(Stored items from a collection)
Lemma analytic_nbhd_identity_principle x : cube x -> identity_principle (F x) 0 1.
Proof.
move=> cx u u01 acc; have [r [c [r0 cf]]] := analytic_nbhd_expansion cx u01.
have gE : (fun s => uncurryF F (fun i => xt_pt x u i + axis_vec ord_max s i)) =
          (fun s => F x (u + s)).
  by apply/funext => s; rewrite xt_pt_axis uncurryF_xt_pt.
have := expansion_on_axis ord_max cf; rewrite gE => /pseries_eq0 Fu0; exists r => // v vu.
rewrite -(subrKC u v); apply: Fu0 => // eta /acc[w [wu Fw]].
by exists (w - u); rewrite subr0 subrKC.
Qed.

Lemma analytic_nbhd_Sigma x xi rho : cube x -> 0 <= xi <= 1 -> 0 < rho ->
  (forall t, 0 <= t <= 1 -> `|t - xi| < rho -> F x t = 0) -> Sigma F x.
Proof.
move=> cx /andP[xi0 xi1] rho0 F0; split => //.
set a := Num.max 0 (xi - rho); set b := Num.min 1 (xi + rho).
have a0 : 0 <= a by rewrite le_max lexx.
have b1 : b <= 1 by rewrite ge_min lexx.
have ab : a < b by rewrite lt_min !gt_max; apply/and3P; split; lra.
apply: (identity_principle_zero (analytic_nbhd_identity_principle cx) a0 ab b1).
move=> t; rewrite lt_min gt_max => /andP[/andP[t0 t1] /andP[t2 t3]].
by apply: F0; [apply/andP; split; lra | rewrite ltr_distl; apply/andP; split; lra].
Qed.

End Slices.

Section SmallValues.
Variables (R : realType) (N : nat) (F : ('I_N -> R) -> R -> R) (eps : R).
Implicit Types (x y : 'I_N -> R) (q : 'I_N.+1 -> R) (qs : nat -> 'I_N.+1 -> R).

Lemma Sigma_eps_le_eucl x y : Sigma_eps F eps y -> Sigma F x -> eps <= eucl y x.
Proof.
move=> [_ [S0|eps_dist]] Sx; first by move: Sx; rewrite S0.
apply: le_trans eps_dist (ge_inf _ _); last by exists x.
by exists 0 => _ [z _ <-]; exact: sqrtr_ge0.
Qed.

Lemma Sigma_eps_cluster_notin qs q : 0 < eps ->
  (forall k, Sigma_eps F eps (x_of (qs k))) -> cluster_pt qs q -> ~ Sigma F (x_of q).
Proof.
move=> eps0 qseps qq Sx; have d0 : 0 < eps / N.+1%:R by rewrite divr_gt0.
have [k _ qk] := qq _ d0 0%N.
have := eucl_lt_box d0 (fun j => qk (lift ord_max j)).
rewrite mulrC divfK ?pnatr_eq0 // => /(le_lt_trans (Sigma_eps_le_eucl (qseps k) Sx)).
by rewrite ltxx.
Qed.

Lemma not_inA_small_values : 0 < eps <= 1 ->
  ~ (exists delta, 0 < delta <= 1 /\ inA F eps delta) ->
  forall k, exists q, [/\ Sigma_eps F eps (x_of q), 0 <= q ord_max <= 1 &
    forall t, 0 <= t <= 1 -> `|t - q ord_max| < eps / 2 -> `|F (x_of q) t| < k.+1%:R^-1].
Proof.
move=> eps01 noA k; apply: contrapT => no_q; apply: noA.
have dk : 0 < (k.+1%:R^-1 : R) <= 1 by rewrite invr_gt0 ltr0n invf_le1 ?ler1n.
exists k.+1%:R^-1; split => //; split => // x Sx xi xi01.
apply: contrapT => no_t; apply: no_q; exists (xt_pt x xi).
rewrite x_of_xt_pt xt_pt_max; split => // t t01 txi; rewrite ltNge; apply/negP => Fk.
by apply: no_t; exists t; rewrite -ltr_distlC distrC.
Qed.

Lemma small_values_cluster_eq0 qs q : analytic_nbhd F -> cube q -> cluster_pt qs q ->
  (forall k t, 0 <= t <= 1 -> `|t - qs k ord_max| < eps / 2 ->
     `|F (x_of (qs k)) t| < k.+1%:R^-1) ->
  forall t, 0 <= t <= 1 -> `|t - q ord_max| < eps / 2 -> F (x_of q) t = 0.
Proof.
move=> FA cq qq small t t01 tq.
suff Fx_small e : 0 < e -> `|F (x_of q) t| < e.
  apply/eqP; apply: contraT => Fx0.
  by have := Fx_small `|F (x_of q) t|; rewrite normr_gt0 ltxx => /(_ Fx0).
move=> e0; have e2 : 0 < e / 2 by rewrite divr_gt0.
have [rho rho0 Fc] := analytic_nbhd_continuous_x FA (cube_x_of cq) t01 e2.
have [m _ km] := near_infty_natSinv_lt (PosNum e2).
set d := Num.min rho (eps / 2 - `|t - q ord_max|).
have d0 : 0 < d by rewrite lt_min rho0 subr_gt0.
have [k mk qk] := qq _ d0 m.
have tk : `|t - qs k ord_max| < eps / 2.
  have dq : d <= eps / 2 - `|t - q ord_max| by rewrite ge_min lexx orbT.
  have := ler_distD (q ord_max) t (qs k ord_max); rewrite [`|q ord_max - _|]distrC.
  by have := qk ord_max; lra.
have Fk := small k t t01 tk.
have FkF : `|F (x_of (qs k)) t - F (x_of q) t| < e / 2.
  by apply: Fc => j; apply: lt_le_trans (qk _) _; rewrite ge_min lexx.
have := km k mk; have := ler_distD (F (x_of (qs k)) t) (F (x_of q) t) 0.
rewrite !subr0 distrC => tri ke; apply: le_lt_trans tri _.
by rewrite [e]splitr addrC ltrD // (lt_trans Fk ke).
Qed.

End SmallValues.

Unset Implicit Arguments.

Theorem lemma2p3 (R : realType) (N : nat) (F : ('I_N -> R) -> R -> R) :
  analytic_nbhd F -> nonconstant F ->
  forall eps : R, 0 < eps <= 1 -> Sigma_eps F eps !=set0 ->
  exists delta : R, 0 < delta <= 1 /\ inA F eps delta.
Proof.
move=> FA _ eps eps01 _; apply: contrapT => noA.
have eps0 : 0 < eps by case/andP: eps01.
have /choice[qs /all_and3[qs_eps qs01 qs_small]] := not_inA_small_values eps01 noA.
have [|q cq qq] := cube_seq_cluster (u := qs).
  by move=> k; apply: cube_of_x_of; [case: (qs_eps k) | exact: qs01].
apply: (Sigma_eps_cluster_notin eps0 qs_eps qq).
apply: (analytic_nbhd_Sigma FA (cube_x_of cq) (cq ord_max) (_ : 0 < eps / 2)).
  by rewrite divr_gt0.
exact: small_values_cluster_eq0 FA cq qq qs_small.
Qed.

## WHAT THIS TASK INVOLVES
For the records above, state the number of lines holding the string "exists", without further comment.

## EXERCISE SOLUTION
10